East London Food & Culture

Free afternoon? A highwayman’s trail through Epping Forest

Just a few stops east of Leytonstone on the Central Line is this scenic weekend stroll

The saloon bar is deserted. Through dirty windows we can just make out a handful of empty stools and a dartboard. As I rattle the door, with its crooked ‘closed’ sign, a deluge of hailstones crashes from the sky, a warning that perhaps we should abandon our intended ploughman’s at the Sixteen String Jack in Theydon Bois. Lurking on the edge of Epping Forest, this pub is as deserted as the Mary Celeste.

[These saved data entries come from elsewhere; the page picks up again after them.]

(* With c the k-th smallest value, [m x := min (x - c) 0] gives
   sum_(i<k) (s_i - c) = sum_j m (a j) <= sum_j (a j - c) w j. *)
Lemma sum_smallest_le_weighted (R : realFieldType) (p k : nat) (s : seq R)
    (a w : 'I_p -> R) :
  sorted <=%R s -> perm_eq [seq a j | j <- enum 'I_p] s -> (0 < k)%N -> (k <= p)%N ->
  (forall j, 0 <= w j <= 1) -> \sum_j w j = k%:R ->
  \sum_(i < k) s`_i <= \sum_j a j * w j.
Proof.
move=> s_sorted pe k0 kp w01 sw.
have sz : size s = p by rewrite -(perm_size pe) size_map size_enum_ord.
set c := s`_k.-1.
pose m (x : R) := if x <= c then x - c else 0.
have shift : \sum_j a j * w j = \sum_j (a j - c) * w j + c * k%:R.
  rewrite -sw mulr_sumr -big_split /=; apply: eq_bigr => j _.
  by rewrite mulrBl subrK.
have m_le : \sum_j m (a j) <= \sum_j (a j - c) * w j.
  apply: ler_sum => j _; rewrite /m; have /andP[w0 w1] := w01 j.
  case: ifP => h; last by rewrite mulr_ge0 // subr_ge0 ltW // ltNge h.
  by rewrite -[X in X <= _]mulr1 ler_wnM2l // subr_le0.
have mono : {in [pred n | (n < size s)%N] &,
    {homo nth 0 s : i j / (i <= j)%N >-> i <= j}}.
  exact: (sorted_leq_nth le_trans lexx 0 s_sorted).
have m_sum : \sum_j m (a j) = \sum_(i < k) (s`_i - c).
  have -> : \sum_j m (a j) = \sum_(x <- [seq a j | j <- enum 'I_p]) m x.
    by rewrite big_map big_enum.
  rewrite (perm_big _ pe) /=.
  rewrite (big_nth 0) big_mkord sz [RHS](big_ord_widen p (fun i => s`_i - c) kp).
  rewrite [RHS]big_mkcond /=; apply: eq_bigr => i _; rewrite /m.
  have lt_ip : (i < p)%N := ltn_ord i.
  case: (ltnP i k) => ik.
    by rewrite (mono i k.-1) ?inE ?sz //=; lia.
  have ci : c <= s`_i by apply: mono; rewrite ?inE ?sz //=; lia.
  by case: ifP => // h; apply/eqP; rewrite subr_eq0 eq_le h.
rewrite shift; apply: (le_trans _ (lerD m_le (lexx (c * k%:R)))).
by rewrite m_sum sumrB sumr_const card_ord mulr_natr subrK.
Qed.

Lemma mxtrace_form_subZ (R : comNzRingType) (p : nat) (P Y Z : 'M[R]_p) (s : R) :
  \tr ((Y - s *: Z) *m P *m (Y - s *: Z)^T) =
  \tr (Y *m P *m Y^T) - s * \tr (Y *m P *m Z^T) - s * \tr (Z *m P *m Y^T)
  + s ^+ 2 * \tr (Z *m P *m Z^T).
Proof.
have -> : (Y - s *: Z)^T = Y^T - s *: Z^T by apply/matrixP => i j; rewrite !mxE.
rewrite !mulmxBl !mulmxBr -!scalemxAl -!scalemxAr.
by rewrite !raddfB /= !linearZ /=; ring.
Qed.

Lemma conj_toC (R : rcfType) (x : R) : (toC x)^* = toC x.
Proof. by apply: conj_Creal; apply/complex_realP; exists x. Qed.

(* Positive semidefiniteness of a real matrix, tested as a Hermitian form on
   complex row vectors, with the kernel of the form equal to that of K. *)
Definition psdmx (R : rcfType) (p : nat) (K : 'M[R]_p) :=
  forall v : 'rV[R[i]]_p,
    0 <= (v *m MC K *m (map_mx Num.conj v)^T) 0 0 /\
    ((v *m MC K *m (map_mx Num.conj v)^T) 0 0 = 0 -> v *m MC K = 0).

Lemma psdmx1 (R : rcfType) (p : nat) : psdmx (1%:M : 'M[R]_p).
Proof.
move=> v; rewrite map_mx1 mulmx1.
have -> : (v *m (map_mx Num.conj v)^T) 0 0 = \sum_i v 0 i * (v 0 i)^*.
  by rewrite mxE; apply: eq_bigr => i _; rewrite !mxE.
split; first by apply: sumr_ge0 => i _; exact: mul_conjC_ge0.
move=> /psumr_eq0P v0; apply/rowP => i; rewrite mxE.
by apply/eqP; rewrite -mul_conjC_eq0; apply/eqP/v0 => // j _; exact: mul_conjC_ge0.
Qed.

(* An eigenvector v of G K^-1 gives r = (v G v^* ) / (v K v^* ). *)
Lemma eigenvalue_mul_invmx_ge0 (R : rcfType) (p : nat) (G K : 'M[R]_p) :
  psdmx G -> psdmx K -> K \in unitmx ->
  forall r, eigenvalue (MC (G *m invmx K)) r -> 0 <= r.
Proof.
move=> psdG psdK uK r /eigenvalueP [v Hv v0].
have uKC : MC K \in unitmx by rewrite map_unitmx.
have vG : v *m MC G = r *: (v *m MC K).
  by rewrite scalemxAl -Hv map_mxM map_invmx !mulmxA mulmxKV.
set w := (map_mx Num.conj v)^T.
have [qG0 _] := psdG v; have [qK0 qK_eq0] := psdK v.
have qK_neq0 : (v *m MC K *m w) 0 0 != 0.
  by apply: contra v0 => /eqP/qK_eq0 vK; rewrite -(mulmxK uKC v) vK mul0mx.
have -> : r = (v *m MC G *m w) 0 0 / (v *m MC K *m w) 0 0.
  by rewrite vG -scalemxAl mxE mulfK.
by rewrite divr_ge0.
Qed.

Lemma char_poly_split_ge0 (R : rcfType) (p : nat) (A : 'M[R]_p) :
  (forall r, eigenvalue (MC A) r -> 0 <= r) ->
  exists s : seq R, [/\ size s = p, all (fun a => 0 <= a) s &
    char_poly A = \prod_(a <- s) ('X - a%:P)].
Proof.
move=> eig_ge0.
have [rs Ers] := closed_field_poly_normal (char_poly (MC A)).
rewrite (monicP (char_poly_monic _)) scale1r in Ers.
have rs_real z : z \in rs -> 0 <= z /\ toC (complex.Re z) = z.
  move=> zin; have : root (char_poly (MC A)) z by rewrite Ers root_prod_XsubC.
  rewrite -eigenvalue_root_char => /eig_ge0 z0; split=> //.
  by apply: RRe_real; exact: ger0_real.
exists (map (@complex.Re R) rs); split.
- have := size_char_poly (MC A); rewrite Ers size_prod_XsubC size_map.
  by case.
- apply/allP => a /mapP [z zin ->]; have [z0 zE] := rs_real z zin.
  by rewrite -ler0c zE.
- apply: (map_poly_inj (real_complex R)).
  rewrite map_char_poly Ers map_prod_XsubC big_map.
  by apply: eq_big_seq => z zin; have [_ zE] := rs_real z zin; rewrite -[in LHS]zE.
Qed.

Lemma det_trace_split (F : fieldType) (p : nat) (A : 'M[F]_p) (s : seq F) :
  (0 < p)%N -> size s = p -> char_poly A = \prod_(a <- s) ('X - a%:P) ->
  \det A = \prod_(a <- s) a /\ \tr A = \sum_(a <- s) a.
Proof.
move=> p0 sz E; split.
  have := char_poly_det A; rewrite E coef0_prod_XsubC sz => /mulfI inj.
  by apply/esym/inj; rewrite signr_eq0.
have := @coefPn_prod_XsubC _ s; rewrite sz -lt0n p0 => /(_ isT) coefE.
by have := char_poly_trace A p0; rewrite E coefE => /oppr_inj.
Qed.

(* AM-GM on the nonnegative eigenvalues of G K^-1. *)
Lemma det_le_AGM_trace (R : rcfType) (p : nat) (G K : 'M[R]_p) :
  (0 < p)%N -> psdmx G -> psdmx K -> K \in unitmx ->
  [/\ 0 <= \det (G *m invmx K), 0 <= \tr (G *m invmx K) &
      \det (G *m invmx K) <= (\tr (G *m invmx K) / p%:R) ^+ p].
Proof.
move=> p0 psdG psdK uK.
have [s [sz s_ge0 E]] :=
  char_poly_split_ge0 (eigenvalue_mul_invmx_ge0 psdG psdK uK).
have [-> ->] := det_trace_split p0 sz E.
split; last by rewrite -sz; apply: AGM_seq.
- by rewrite big_seq; apply: prodr_ge0 => a /(allP s_ge0).
- by rewrite big_seq; apply: sumr_ge0 => a /(allP s_ge0).
Qed.

Lemma tr_invmx_gt0 (R : rcfType) (p : nat) (K : 'M[R]_p) :
  (0 < p)%N -> psdmx K -> K \in unitmx -> 0 < \tr (invmx K).
Proof.
move=> p0 psdK uK.
have [d0 t0 le] := det_le_AGM_trace p0 (@psdmx1 R p) psdK uK.
rewrite mul1mx in d0 t0 le.
rewrite lt_def t0 andbT; apply: contraTneq le => ->.
rewrite mul0r expr0n eqn0Ngt p0 /= -ltNge lt_def d0 andbT det_inv invr_eq0.
by rewrite -unitfE -unitmxE.
Qed.

Lemma char_poly_similar (F : fieldType) (n : nat) (P A : 'M[F]_n) :
  P \in unitmx -> char_poly (invmx P *m A *m P) = char_poly A.
Proof.
move=> uP; rewrite /char_poly /char_poly_mx.
have -> : 'X%:M - map_mx polyC (invmx P *m A *m P) =
    map_mx polyC (invmx P) *m ('X%:M - map_mx polyC A) *m map_mx polyC P.
  rewrite mulmxBr mulmxBl mul_mx_scalar -scalemxAl -map_mxM mulVmx // map_mx1.
  by rewrite scalemx1 !map_mxM.
rewrite !det_mulmx !det_map_mx mulrC mulrA -rmorphM /= -det_mulmx.
by rewrite mulmxV // det1 rmorph1 mul1r.
Qed.

Lemma char_poly_diag (R : comNzRingType) (n : nat) (d : 'rV[R]_n) :
  char_poly (diag_mx d) = \prod_(j < n) ('X - (d 0 j)%:P).
Proof.
rewrite char_poly_trig ?diag_mx_is_trig //.
by apply: eq_bigr => j _; rewrite mxE eqxx mulr1n.
Qed.

Lemma sym_spectral (R : rcfType) (p : nat) (M : 'M[R]_p) : M^T = M ->
  exists (Q : 'M[R[i]]_p) (a : 'I_p -> R),
   [/\ Q *m map_mx Num.conj Q^T = 1%:M,
       MC M = map_mx Num.conj Q^T *m diag_mx (\row_j toC (a j)) *m Q &
       char_poly M = \prod_j ('X - (a j)%:P)].
Proof.
move=> MT; set A := MC M.
have hA : A \is hermsymmx.
  apply/is_hermitianmxP; rewrite expr0 scale1r.
  by apply/matrixP => i j; rewrite !mxE conj_toC -[in LHS]MT mxE.
have /orthomx_spectralP EA := hermitian_normalmx hA.
have dreal := hermitian_spectral_diag_real hA.
set Q := spectralmx A in EA; set d := spectral_diag A in EA dreal.
have Ea j : toC (complex.Re (d 0 j)) = d 0 j.
  by apply: RRe_real; move/mxOverP: dreal; apply.
have dE : d = \row_j toC (complex.Re (d 0 j)) by apply/rowP => j; rewrite mxE Ea.
exists Q, (fun j => complex.Re (d 0 j)); split.
- exact/unitarymxP/spectral_unitarymx.
- by rewrite -dE -invmx_unitary ?spectral_unitarymx.
- apply: (map_poly_inj (real_complex R)).
  rewrite map_char_poly -/A {1}EA char_poly_similar ?unitarymx_unit ?spectral_unitarymx //.
  rewrite char_poly_diag map_prod_XsubC; apply: eq_bigr => j _.
  by rewrite -[in LHS]Ea.
Qed.

(* The squared moduli of a unitary matrix form a doubly stochastic matrix,
   which maps weights in [0, 1] to weights in [0, 1] with the same sum. *)
Lemma unitary_weights (R : rcfType) (p : nat) (W : 'M[R[i]]_p) (e : 'I_p -> R) :
  W *m map_mx Num.conj W^T = 1%:M -> (forall i, 0 <= e i <= 1) ->
  exists w : 'I_p -> R,
   [/\ forall j, toC (w j) = \sum_i toC (e i) * (W j i * (W j i)^*),
       forall j, 0 <= w j <= 1 &
       \sum_j w j = \sum_i e i].
Proof.
move=> WW e01; have WcW : map_mx Num.conj W^T *m W = 1%:M by apply: mulmx1C.
have row_norm j : \sum_i W j i * (W j i)^* = 1.
  have := congr1 (fun A : 'M[R[i]]_p => A j j) WW; rewrite !mxE eqxx mulr1n => <-.
  by apply: eq_bigr => i _; rewrite !mxE.
have col_norm i : \sum_j W j i * (W j i)^* = 1.
  have := congr1 (fun A : 'M[R[i]]_p => A i i) WcW; rewrite !mxE eqxx mulr1n => <-.
  by apply: eq_bigr => j _; rewrite !mxE mulrC.
have eC i : 0 <= toC (e i) <= 1 by rewrite ler0c lecR; exact: e01.
pose om j := \sum_i toC (e i) * (W j i * (W j i)^*).
have om_ge0 j : 0 <= om j.
  by apply: sumr_ge0 => i _; rewrite mulr_ge0 ?mul_conjC_ge0 //; case/andP: (eC i).
have om_le1 j : om j <= 1.
  rewrite -(row_norm j); apply: ler_sum => i _.
  by case/andP: (eC i) => e0 e1; rewrite ler_piMl // mul_conjC_ge0.
have omE j : toC (complex.Re (om j)) = om j by apply: RRe_real; exact: ger0_real.
exists (fun j => complex.Re (om j)); split=> //.
- move=> j; rewrite -ler0c -lecR omE (rmorph1 (real_complex R)).
  exact/andP.
- apply: complexI; rewrite !rmorph_sum /=.
  under eq_bigr do rewrite omE.
  rewrite /om exchange_big /=; apply: eq_bigr => i _.
  by rewrite -mulr_sumr col_norm mulr1.
Qed.

(* In the eigenbasis of M, the diagonal entries of V^T M V are averages of
   the eigenvalues a_j with the weights |W_ji|^2, W = Q V. *)
Lemma eigen_weights (R : rcfType) (p k : nat) (M V : 'M[R]_p) :
  M^T = M -> V^T *m V = 1%:M -> (k <= p)%N ->
  exists (a w : 'I_p -> R),
   [/\ char_poly M = \prod_j ('X - (a j)%:P),
       forall j, 0 <= w j <= 1,
       \sum_j w j = k%:R &
       \sum_(i < p) (i < k)%N%:R * (V^T *m M *m V) i i = \sum_j a j * w j].
Proof.
move=> MT VV kp.
have [Q [a [QQ EM Ech]]] := sym_spectral MT.
set W := Q *m MC V; set Wc := map_mx Num.conj W^T.
have WcE : Wc = (MC V)^T *m map_mx Num.conj Q^T.
  rewrite /Wc /W trmx_mul map_mxM; congr (_ *m _).
  by apply/matrixP => i j; rewrite !mxE; exact: conj_toC.
have WW : W *m Wc = 1%:M.
  have VVt : MC V *m (MC V)^T = 1%:M.
    by rewrite map_trmx -map_mxM mulmx1C ?map_mx1.
  by rewrite WcE /W -mulmxA (mulmxA (MC V)) VVt mul1mx.
have EVMV : MC (V^T *m M *m V) = Wc *m diag_mx (\row_j toC (a j)) *m W.
  by rewrite !map_mxM -map_trmx EM WcE /W !mulmxA.
have diagE i : toC ((V^T *m M *m V) i i) = \sum_j (W j i)^* * toC (a j) * W j i.
  have := congr1 (fun A : 'M[R[i]]_p => A i i) EVMV; rewrite [in LHS]mxE => ->.
  rewrite mxE; apply: eq_bigr => j _.
  by rewrite mul_mx_diag !mxE.
have e01 i : 0 <= ((i < k)%N%:R : R) <= 1 by case: (i < k)%N; rewrite /= ?lexx ?ler01.
have [w [wE w01 sw]] := unitary_weights WW e01.
exists a, w; split=> //; first by rewrite sw sumr_indicator_ltn.
apply: complexI; rewrite !rmorph_sum /=.
under eq_bigr do rewrite rmorphM /= diagE mulr_sumr.
under [RHS]eq_bigr do rewrite rmorphM /= wE mulr_sumr.
rewrite exchange_big /=; apply: eq_bigr => i _; apply: eq_bigr => j _.
ring.
Qed.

Sheltering from the downpour in The Bull, a nearby boozer in Theydon Bois, my dad and I learn that Sixteen String Jack was named after notorious highwayman Jack Rann. He was hanged at the age of 24 in 1774 after being tried and acquitted no less than six times for highway robbery.

Over bread, cheese and pickle we find out that his nickname stemmed from a dapper appearance: sixteen silk strings were tied from his breeches to his knees, and he wore a satin waistcoat laced with silver. But the reason he was acquitted so many times? He always carried out his crimes dressed like a scruffbag.

There’s nothing like reading about a highwayman on the edge of Epping Forest to get you going, and now it’s time to make tracks, so we pay up and head towards the dark wood, and the start of our shortish walk in the company of some of history’s more notorious characters.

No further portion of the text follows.